> _Task brief_: When you answer, give every record back exactly as written.

> _Data excerpts_:
⟨
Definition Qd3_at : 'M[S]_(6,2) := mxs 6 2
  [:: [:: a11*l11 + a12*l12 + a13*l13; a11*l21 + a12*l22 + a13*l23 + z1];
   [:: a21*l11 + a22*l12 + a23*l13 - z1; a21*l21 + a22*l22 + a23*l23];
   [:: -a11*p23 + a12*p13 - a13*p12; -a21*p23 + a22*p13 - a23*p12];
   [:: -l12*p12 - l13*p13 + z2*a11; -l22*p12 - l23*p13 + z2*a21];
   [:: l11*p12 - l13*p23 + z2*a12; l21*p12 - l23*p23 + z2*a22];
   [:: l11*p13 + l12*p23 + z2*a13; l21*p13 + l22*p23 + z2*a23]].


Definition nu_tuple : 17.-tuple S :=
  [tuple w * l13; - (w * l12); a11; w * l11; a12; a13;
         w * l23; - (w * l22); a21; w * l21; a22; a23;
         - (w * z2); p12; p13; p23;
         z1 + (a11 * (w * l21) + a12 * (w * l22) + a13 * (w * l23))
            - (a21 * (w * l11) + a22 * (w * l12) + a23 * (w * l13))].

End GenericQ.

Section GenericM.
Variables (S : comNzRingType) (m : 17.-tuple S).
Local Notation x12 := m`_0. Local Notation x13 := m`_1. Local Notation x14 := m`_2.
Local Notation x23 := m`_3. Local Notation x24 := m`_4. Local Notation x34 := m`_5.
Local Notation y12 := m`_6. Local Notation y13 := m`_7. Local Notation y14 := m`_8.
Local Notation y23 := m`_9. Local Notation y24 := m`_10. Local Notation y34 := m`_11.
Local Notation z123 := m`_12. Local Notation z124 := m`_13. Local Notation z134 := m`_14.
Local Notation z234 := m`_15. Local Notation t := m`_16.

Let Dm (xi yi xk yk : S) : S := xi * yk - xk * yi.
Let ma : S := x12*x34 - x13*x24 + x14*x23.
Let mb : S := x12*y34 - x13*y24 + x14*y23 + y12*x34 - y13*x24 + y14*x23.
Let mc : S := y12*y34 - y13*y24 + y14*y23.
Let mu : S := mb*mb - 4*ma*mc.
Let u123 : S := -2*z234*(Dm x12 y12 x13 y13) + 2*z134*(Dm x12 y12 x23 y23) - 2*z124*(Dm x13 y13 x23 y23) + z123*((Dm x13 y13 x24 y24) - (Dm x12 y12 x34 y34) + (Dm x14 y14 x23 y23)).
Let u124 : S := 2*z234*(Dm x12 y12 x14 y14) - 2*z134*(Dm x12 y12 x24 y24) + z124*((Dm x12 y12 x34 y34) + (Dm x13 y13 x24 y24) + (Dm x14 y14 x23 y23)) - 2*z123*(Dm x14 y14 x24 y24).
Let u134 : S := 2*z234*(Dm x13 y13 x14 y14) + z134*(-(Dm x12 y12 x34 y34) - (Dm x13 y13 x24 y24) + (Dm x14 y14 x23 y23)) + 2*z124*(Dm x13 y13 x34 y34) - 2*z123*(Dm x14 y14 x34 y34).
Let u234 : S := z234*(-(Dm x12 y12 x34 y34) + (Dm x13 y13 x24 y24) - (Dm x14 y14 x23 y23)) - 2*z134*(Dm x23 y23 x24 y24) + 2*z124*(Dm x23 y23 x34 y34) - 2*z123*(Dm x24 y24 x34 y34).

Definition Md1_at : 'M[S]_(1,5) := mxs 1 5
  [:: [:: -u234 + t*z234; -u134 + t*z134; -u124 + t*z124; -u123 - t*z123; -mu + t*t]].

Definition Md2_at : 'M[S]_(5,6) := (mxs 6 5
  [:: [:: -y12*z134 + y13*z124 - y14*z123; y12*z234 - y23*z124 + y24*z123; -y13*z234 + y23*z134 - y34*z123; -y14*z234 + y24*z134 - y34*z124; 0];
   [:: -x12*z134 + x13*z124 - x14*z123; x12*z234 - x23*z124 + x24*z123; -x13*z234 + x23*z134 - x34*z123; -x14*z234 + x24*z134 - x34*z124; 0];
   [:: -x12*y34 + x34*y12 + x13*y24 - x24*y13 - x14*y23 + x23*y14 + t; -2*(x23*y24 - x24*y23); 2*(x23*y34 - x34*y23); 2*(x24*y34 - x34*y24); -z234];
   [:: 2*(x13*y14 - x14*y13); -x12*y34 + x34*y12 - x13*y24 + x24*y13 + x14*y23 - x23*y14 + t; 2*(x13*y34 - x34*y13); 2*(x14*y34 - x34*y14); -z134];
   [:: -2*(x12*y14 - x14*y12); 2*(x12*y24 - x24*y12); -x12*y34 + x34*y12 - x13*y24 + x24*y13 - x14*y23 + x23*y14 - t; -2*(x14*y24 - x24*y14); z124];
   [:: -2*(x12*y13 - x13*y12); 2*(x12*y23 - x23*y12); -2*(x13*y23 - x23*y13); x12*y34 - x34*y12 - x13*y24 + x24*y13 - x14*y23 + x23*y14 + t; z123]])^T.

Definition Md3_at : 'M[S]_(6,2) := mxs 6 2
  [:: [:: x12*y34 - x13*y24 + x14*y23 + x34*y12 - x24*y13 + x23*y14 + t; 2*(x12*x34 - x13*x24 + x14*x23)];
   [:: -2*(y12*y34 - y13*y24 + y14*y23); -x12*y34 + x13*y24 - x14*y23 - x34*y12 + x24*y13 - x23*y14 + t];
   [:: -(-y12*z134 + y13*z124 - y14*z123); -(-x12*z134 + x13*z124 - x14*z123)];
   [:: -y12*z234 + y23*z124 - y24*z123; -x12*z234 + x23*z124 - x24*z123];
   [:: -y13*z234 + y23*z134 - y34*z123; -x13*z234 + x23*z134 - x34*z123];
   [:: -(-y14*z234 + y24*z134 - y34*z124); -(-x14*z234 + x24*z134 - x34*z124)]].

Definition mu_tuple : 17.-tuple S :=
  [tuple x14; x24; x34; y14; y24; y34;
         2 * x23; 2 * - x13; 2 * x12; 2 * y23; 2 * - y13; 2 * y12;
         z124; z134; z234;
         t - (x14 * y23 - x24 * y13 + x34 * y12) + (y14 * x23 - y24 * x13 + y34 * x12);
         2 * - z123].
⟩
> _Solution_:
Definition Qd3_at : 'M[S]_(6,2) := mxs 6 2
  [:: [:: a11*l11 + a12*l12 + a13*l13; a11*l21 + a12*l22 + a13*l23 + z1];
   [:: a21*l11 + a22*l12 + a23*l13 - z1; a21*l21 + a22*l22 + a23*l23];
   [:: -a11*p23 + a12*p13 - a13*p12; -a21*p23 + a22*p13 - a23*p12];
   [:: -l12*p12 - l13*p13 + z2*a11; -l22*p12 - l23*p13 + z2*a21];
   [:: l11*p12 - l13*p23 + z2*a12; l21*p12 - l23*p23 + z2*a22];
   [:: l11*p13 + l12*p23 + z2*a13; l21*p13 + l22*p23 + z2*a23]].


Definition nu_tuple : 17.-tuple S :=
  [tuple w * l13; - (w * l12); a11; w * l11; a12; a13;
         w * l23; - (w * l22); a21; w * l21; a22; a23;
         - (w * z2); p12; p13; p23;
         z1 + (a11 * (w * l21) + a12 * (w * l22) + a13 * (w * l23))
            - (a21 * (w * l11) + a22 * (w * l12) + a23 * (w * l13))].

End GenericQ.

Section GenericM.
Variables (S : comNzRingType) (m : 17.-tuple S).
Local Notation x12 := m`_0. Local Notation x13 := m`_1. Local Notation x14 := m`_2.
Local Notation x23 := m`_3. Local Notation x24 := m`_4. Local Notation x34 := m`_5.
Local Notation y12 := m`_6. Local Notation y13 := m`_7. Local Notation y14 := m`_8.
Local Notation y23 := m`_9. Local Notation y24 := m`_10. Local Notation y34 := m`_11.
Local Notation z123 := m`_12. Local Notation z124 := m`_13. Local Notation z134 := m`_14.
Local Notation z234 := m`_15. Local Notation t := m`_16.

Let Dm (xi yi xk yk : S) : S := xi * yk - xk * yi.
Let ma : S := x12*x34 - x13*x24 + x14*x23.
Let mb : S := x12*y34 - x13*y24 + x14*y23 + y12*x34 - y13*x24 + y14*x23.
Let mc : S := y12*y34 - y13*y24 + y14*y23.
Let mu : S := mb*mb - 4*ma*mc.
Let u123 : S := -2*z234*(Dm x12 y12 x13 y13) + 2*z134*(Dm x12 y12 x23 y23) - 2*z124*(Dm x13 y13 x23 y23) + z123*((Dm x13 y13 x24 y24) - (Dm x12 y12 x34 y34) + (Dm x14 y14 x23 y23)).
Let u124 : S := 2*z234*(Dm x12 y12 x14 y14) - 2*z134*(Dm x12 y12 x24 y24) + z124*((Dm x12 y12 x34 y34) + (Dm x13 y13 x24 y24) + (Dm x14 y14 x23 y23)) - 2*z123*(Dm x14 y14 x24 y24).
Let u134 : S := 2*z234*(Dm x13 y13 x14 y14) + z134*(-(Dm x12 y12 x34 y34) - (Dm x13 y13 x24 y24) + (Dm x14 y14 x23 y23)) + 2*z124*(Dm x13 y13 x34 y34) - 2*z123*(Dm x14 y14 x34 y34).
Let u234 : S := z234*(-(Dm x12 y12 x34 y34) + (Dm x13 y13 x24 y24) - (Dm x14 y14 x23 y23)) - 2*z134*(Dm x23 y23 x24 y24) + 2*z124*(Dm x23 y23 x34 y34) - 2*z123*(Dm x24 y24 x34 y34).

Definition Md1_at : 'M[S]_(1,5) := mxs 1 5
  [:: [:: -u234 + t*z234; -u134 + t*z134; -u124 + t*z124; -u123 - t*z123; -mu + t*t]].

Definition Md2_at : 'M[S]_(5,6) := (mxs 6 5
  [:: [:: -y12*z134 + y13*z124 - y14*z123; y12*z234 - y23*z124 + y24*z123; -y13*z234 + y23*z134 - y34*z123; -y14*z234 + y24*z134 - y34*z124; 0];
   [:: -x12*z134 + x13*z124 - x14*z123; x12*z234 - x23*z124 + x24*z123; -x13*z234 + x23*z134 - x34*z123; -x14*z234 + x24*z134 - x34*z124; 0];
   [:: -x12*y34 + x34*y12 + x13*y24 - x24*y13 - x14*y23 + x23*y14 + t; -2*(x23*y24 - x24*y23); 2*(x23*y34 - x34*y23); 2*(x24*y34 - x34*y24); -z234];
   [:: 2*(x13*y14 - x14*y13); -x12*y34 + x34*y12 - x13*y24 + x24*y13 + x14*y23 - x23*y14 + t; 2*(x13*y34 - x34*y13); 2*(x14*y34 - x34*y14); -z134];
   [:: -2*(x12*y14 - x14*y12); 2*(x12*y24 - x24*y12); -x12*y34 + x34*y12 - x13*y24 + x24*y13 - x14*y23 + x23*y14 - t; -2*(x14*y24 - x24*y14); z124];
   [:: -2*(x12*y13 - x13*y12); 2*(x12*y23 - x23*y12); -2*(x13*y23 - x23*y13); x12*y34 - x34*y12 - x13*y24 + x24*y13 - x14*y23 + x23*y14 + t; z123]])^T.

Definition Md3_at : 'M[S]_(6,2) := mxs 6 2
  [:: [:: x12*y34 - x13*y24 + x14*y23 + x34*y12 - x24*y13 + x23*y14 + t; 2*(x12*x34 - x13*x24 + x14*x23)];
   [:: -2*(y12*y34 - y13*y24 + y14*y23); -x12*y34 + x13*y24 - x14*y23 - x34*y12 + x24*y13 - x23*y14 + t];
   [:: -(-y12*z134 + y13*z124 - y14*z123); -(-x12*z134 + x13*z124 - x14*z123)];
   [:: -y12*z234 + y23*z124 - y24*z123; -x12*z234 + x23*z124 - x24*z123];
   [:: -y13*z234 + y23*z134 - y34*z123; -x13*z234 + x23*z134 - x34*z123];
   [:: -(-y14*z234 + y24*z134 - y34*z124); -(-x14*z234 + x24*z134 - x34*z124)]].

Definition mu_tuple : 17.-tuple S :=
  [tuple x14; x24; x34; y14; y24; y34;
         2 * x23; 2 * - x13; 2 * x12; 2 * y23; 2 * - y13; 2 * y12;
         z124; z134; z234;
         t - (x14 * y23 - x24 * y13 + x34 * y12) + (y14 * x23 - y24 * x13 + y34 * x12);
         2 * - z123].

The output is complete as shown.